(WORK ORDER):
The listing below holds a line with "Definition tensor_right (B" and a line with "Lemma sum_f_R0_scal (a". Reproduce those two lines exactly, plus everything between them.

(DATASET RECORDS):
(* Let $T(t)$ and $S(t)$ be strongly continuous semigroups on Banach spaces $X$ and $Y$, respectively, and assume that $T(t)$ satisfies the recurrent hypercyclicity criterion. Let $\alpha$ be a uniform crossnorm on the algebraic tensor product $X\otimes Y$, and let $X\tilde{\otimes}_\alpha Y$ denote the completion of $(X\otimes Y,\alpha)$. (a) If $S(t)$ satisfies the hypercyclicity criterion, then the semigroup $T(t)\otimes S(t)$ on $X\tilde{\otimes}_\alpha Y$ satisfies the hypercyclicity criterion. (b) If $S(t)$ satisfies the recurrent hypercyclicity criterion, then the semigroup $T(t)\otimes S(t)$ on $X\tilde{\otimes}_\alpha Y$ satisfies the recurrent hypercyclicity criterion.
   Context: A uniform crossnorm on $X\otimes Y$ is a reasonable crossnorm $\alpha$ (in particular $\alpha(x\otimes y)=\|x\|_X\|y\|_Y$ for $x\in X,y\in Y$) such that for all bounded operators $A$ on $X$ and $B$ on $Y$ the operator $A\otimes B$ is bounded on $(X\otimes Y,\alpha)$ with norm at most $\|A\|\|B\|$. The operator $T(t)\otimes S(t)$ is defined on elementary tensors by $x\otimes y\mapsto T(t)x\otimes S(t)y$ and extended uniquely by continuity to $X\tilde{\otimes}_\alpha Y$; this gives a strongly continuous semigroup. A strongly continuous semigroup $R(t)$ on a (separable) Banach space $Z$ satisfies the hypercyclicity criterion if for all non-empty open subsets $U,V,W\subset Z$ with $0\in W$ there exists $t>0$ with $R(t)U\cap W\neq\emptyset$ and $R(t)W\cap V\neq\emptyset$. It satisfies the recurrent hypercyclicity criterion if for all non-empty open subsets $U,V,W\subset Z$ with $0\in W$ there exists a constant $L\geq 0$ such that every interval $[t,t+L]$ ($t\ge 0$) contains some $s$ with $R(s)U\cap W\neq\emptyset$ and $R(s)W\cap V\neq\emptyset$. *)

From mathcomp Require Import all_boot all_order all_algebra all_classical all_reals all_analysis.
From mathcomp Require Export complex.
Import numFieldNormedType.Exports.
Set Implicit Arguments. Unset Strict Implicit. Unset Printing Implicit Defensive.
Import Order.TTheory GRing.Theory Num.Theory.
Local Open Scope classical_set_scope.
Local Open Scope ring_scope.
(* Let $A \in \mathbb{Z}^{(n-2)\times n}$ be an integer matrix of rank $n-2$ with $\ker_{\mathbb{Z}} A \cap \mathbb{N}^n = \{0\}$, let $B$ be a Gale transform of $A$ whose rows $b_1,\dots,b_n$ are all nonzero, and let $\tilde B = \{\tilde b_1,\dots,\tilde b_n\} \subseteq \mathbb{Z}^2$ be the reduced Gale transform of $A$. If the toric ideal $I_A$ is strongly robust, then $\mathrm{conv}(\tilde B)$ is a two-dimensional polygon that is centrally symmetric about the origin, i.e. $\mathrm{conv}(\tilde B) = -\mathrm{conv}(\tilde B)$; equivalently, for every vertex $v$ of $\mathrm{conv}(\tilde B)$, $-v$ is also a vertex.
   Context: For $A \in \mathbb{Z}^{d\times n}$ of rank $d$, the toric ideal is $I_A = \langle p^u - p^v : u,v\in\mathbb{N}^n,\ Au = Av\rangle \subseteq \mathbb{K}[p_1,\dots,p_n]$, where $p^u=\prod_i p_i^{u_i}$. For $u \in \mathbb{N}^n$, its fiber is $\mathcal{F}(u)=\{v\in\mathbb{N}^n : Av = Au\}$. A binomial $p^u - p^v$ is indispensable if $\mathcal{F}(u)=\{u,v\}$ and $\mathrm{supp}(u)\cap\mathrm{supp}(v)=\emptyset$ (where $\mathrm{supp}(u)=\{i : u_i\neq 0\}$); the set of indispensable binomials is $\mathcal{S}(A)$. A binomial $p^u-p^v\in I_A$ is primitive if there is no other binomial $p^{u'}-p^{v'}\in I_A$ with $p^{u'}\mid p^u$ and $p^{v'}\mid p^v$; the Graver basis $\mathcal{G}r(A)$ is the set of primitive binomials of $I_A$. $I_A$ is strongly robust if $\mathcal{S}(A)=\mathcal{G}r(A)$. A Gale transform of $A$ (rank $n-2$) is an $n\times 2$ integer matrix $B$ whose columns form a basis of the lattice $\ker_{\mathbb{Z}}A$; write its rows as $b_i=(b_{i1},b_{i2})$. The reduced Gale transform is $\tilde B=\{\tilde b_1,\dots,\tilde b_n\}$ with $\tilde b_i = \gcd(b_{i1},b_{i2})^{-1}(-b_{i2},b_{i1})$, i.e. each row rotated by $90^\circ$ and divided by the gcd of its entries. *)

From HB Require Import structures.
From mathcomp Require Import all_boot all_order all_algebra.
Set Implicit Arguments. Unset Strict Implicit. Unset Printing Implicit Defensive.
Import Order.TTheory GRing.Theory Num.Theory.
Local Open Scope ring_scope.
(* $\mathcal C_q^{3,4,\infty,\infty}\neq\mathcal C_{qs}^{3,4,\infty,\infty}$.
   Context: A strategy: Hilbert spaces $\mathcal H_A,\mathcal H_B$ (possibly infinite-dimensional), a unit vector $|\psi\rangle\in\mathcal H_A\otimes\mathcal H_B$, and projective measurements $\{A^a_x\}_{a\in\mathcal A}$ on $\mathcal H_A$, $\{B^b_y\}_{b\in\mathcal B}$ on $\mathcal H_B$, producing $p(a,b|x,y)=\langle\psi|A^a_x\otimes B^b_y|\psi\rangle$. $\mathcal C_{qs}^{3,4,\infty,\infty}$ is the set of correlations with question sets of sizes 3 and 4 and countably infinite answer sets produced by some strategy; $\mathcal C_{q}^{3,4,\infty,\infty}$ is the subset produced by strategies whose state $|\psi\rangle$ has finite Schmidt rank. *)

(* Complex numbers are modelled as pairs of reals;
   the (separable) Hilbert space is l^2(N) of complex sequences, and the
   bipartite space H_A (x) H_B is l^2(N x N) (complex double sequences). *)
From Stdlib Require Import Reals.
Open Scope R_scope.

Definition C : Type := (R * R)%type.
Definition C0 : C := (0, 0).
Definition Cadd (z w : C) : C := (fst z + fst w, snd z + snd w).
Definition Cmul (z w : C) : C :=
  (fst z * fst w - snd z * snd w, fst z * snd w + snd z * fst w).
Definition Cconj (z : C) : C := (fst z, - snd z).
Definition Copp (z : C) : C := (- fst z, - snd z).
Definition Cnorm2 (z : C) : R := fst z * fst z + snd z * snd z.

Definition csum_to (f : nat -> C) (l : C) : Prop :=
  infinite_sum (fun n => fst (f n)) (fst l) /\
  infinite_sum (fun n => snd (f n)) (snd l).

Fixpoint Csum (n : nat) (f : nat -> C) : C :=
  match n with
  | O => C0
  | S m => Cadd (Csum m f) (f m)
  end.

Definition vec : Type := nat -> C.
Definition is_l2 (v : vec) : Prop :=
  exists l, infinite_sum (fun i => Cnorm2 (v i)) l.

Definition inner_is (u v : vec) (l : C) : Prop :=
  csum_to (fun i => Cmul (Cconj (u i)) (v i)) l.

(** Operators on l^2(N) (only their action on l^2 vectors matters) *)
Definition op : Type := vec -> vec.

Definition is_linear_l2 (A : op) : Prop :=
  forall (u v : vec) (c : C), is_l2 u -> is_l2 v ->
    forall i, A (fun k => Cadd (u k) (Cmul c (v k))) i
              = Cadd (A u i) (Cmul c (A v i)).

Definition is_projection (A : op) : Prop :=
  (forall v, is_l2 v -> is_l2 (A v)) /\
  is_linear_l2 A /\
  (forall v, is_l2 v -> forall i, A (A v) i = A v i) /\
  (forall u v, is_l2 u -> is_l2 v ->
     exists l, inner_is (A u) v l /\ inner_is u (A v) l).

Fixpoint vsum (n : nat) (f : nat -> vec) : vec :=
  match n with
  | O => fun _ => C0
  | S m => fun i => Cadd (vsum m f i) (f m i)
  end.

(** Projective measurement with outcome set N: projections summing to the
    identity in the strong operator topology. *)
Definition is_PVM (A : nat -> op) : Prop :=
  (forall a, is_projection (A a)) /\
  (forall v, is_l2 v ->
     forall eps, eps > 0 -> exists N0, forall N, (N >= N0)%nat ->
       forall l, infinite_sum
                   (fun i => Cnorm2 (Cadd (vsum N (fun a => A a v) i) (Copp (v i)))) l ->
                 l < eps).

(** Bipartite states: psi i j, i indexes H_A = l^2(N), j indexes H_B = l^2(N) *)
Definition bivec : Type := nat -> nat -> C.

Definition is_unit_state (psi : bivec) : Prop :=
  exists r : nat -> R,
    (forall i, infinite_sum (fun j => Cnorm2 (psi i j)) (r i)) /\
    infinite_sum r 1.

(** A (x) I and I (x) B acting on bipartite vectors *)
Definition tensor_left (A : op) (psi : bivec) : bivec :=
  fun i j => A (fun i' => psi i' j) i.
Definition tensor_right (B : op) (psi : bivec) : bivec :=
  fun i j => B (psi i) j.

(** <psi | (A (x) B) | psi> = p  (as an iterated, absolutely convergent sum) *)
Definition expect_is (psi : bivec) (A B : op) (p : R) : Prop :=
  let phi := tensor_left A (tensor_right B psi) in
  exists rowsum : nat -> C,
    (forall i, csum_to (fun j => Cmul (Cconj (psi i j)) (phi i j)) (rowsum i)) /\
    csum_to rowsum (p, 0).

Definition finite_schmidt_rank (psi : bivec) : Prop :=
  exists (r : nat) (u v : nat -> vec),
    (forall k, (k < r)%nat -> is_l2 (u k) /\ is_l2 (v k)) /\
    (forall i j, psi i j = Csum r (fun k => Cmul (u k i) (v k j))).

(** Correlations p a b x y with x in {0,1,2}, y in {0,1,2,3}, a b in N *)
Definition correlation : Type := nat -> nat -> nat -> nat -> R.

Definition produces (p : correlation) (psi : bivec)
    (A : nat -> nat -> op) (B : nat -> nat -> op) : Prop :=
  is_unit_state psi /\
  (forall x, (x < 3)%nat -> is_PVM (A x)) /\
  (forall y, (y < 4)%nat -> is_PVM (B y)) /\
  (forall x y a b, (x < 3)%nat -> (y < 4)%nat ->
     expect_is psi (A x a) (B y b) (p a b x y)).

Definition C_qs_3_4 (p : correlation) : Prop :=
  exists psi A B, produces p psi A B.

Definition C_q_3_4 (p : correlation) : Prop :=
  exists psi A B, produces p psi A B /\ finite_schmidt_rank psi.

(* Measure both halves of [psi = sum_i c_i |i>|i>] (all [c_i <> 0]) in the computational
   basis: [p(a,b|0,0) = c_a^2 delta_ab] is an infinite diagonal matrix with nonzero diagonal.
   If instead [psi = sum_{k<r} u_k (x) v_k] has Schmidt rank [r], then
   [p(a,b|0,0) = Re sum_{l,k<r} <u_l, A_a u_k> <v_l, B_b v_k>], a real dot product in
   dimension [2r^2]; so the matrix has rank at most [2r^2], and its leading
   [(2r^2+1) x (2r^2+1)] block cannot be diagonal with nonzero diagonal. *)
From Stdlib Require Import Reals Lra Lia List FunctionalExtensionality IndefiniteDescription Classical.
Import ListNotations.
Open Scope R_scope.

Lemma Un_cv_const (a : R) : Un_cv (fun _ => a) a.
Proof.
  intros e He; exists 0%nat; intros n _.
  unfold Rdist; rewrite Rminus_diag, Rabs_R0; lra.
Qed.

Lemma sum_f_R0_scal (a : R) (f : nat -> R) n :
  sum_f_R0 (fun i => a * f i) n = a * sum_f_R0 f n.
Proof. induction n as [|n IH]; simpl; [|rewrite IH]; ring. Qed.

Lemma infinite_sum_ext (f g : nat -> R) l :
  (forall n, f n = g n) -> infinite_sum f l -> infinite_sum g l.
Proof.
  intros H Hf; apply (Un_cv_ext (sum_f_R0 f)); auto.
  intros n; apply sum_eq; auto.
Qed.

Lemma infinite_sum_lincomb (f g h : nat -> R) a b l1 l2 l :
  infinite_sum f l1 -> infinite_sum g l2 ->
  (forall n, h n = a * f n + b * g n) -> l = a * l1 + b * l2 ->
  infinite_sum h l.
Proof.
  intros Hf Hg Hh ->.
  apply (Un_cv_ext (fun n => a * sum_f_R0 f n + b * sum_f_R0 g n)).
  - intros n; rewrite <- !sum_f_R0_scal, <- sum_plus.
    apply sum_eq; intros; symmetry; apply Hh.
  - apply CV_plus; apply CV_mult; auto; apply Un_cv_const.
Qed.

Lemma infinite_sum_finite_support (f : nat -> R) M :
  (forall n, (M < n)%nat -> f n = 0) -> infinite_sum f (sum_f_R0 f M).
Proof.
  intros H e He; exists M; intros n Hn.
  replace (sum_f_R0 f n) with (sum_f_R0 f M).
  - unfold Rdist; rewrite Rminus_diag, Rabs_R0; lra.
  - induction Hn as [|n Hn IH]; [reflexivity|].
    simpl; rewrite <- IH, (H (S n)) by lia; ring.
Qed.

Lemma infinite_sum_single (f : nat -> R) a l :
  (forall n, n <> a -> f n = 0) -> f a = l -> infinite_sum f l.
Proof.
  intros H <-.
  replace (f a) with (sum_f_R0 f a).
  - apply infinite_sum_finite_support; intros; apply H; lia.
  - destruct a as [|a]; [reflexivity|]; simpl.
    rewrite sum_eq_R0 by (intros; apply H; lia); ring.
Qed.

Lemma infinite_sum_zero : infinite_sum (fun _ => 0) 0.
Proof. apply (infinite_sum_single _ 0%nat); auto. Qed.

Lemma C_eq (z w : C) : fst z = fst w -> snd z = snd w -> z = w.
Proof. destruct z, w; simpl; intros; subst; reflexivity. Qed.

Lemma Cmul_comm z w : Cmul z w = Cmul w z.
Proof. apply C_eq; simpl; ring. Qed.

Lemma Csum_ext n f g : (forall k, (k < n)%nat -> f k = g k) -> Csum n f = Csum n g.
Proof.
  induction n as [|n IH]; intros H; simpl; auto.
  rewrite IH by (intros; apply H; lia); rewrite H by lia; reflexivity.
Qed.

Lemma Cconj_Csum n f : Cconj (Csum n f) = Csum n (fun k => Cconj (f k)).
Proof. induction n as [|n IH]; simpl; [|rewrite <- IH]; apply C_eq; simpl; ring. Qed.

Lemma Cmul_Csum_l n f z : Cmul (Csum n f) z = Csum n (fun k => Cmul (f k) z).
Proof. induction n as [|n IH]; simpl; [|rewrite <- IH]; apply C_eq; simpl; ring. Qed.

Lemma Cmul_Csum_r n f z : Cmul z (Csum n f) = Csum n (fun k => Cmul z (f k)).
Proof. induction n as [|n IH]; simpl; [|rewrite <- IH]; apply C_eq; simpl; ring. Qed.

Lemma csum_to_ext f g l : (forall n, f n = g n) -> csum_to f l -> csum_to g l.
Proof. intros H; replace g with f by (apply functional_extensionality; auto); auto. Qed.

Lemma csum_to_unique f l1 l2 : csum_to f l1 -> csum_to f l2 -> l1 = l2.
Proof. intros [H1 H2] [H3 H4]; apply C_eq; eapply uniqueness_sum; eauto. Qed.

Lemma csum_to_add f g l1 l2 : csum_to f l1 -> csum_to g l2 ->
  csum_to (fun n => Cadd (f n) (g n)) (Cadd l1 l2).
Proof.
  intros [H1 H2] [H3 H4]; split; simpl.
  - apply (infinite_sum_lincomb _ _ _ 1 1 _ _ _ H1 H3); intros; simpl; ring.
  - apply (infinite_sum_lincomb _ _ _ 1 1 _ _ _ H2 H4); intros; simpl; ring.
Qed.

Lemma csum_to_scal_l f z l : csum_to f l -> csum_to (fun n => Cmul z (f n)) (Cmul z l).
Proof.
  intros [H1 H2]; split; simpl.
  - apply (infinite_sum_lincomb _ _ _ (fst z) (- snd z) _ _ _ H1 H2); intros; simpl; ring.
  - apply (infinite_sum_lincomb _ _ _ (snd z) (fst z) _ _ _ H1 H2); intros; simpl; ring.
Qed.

(SOLUTION FOR THIS EXERCISE):
Definition tensor_right (B : op) (psi : bivec) : bivec :=
  fun i j => B (psi i) j.

(** <psi | (A (x) B) | psi> = p  (as an iterated, absolutely convergent sum) *)
Definition expect_is (psi : bivec) (A B : op) (p : R) : Prop :=
  let phi := tensor_left A (tensor_right B psi) in
  exists rowsum : nat -> C,
    (forall i, csum_to (fun j => Cmul (Cconj (psi i j)) (phi i j)) (rowsum i)) /\
    csum_to rowsum (p, 0).

Definition finite_schmidt_rank (psi : bivec) : Prop :=
  exists (r : nat) (u v : nat -> vec),
    (forall k, (k < r)%nat -> is_l2 (u k) /\ is_l2 (v k)) /\
    (forall i j, psi i j = Csum r (fun k => Cmul (u k i) (v k j))).

(** Correlations p a b x y with x in {0,1,2}, y in {0,1,2,3}, a b in N *)
Definition correlation : Type := nat -> nat -> nat -> nat -> R.

Definition produces (p : correlation) (psi : bivec)
    (A : nat -> nat -> op) (B : nat -> nat -> op) : Prop :=
  is_unit_state psi /\
  (forall x, (x < 3)%nat -> is_PVM (A x)) /\
  (forall y, (y < 4)%nat -> is_PVM (B y)) /\
  (forall x y a b, (x < 3)%nat -> (y < 4)%nat ->
     expect_is psi (A x a) (B y b) (p a b x y)).

Definition C_qs_3_4 (p : correlation) : Prop :=
  exists psi A B, produces p psi A B.

Definition C_q_3_4 (p : correlation) : Prop :=
  exists psi A B, produces p psi A B /\ finite_schmidt_rank psi.

(* Measure both halves of [psi = sum_i c_i |i>|i>] (all [c_i <> 0]) in the computational
   basis: [p(a,b|0,0) = c_a^2 delta_ab] is an infinite diagonal matrix with nonzero diagonal.
   If instead [psi = sum_{k<r} u_k (x) v_k] has Schmidt rank [r], then
   [p(a,b|0,0) = Re sum_{l,k<r} <u_l, A_a u_k> <v_l, B_b v_k>], a real dot product in
   dimension [2r^2]; so the matrix has rank at most [2r^2], and its leading
   [(2r^2+1) x (2r^2+1)] block cannot be diagonal with nonzero diagonal. *)
From Stdlib Require Import Reals Lra Lia List FunctionalExtensionality IndefiniteDescription Classical.
Import ListNotations.
Open Scope R_scope.

Lemma Un_cv_const (a : R) : Un_cv (fun _ => a) a.
Proof.
  intros e He; exists 0%nat; intros n _.
  unfold Rdist; rewrite Rminus_diag, Rabs_R0; lra.
Qed.

Lemma sum_f_R0_scal (a : R) (f : nat -> R) n :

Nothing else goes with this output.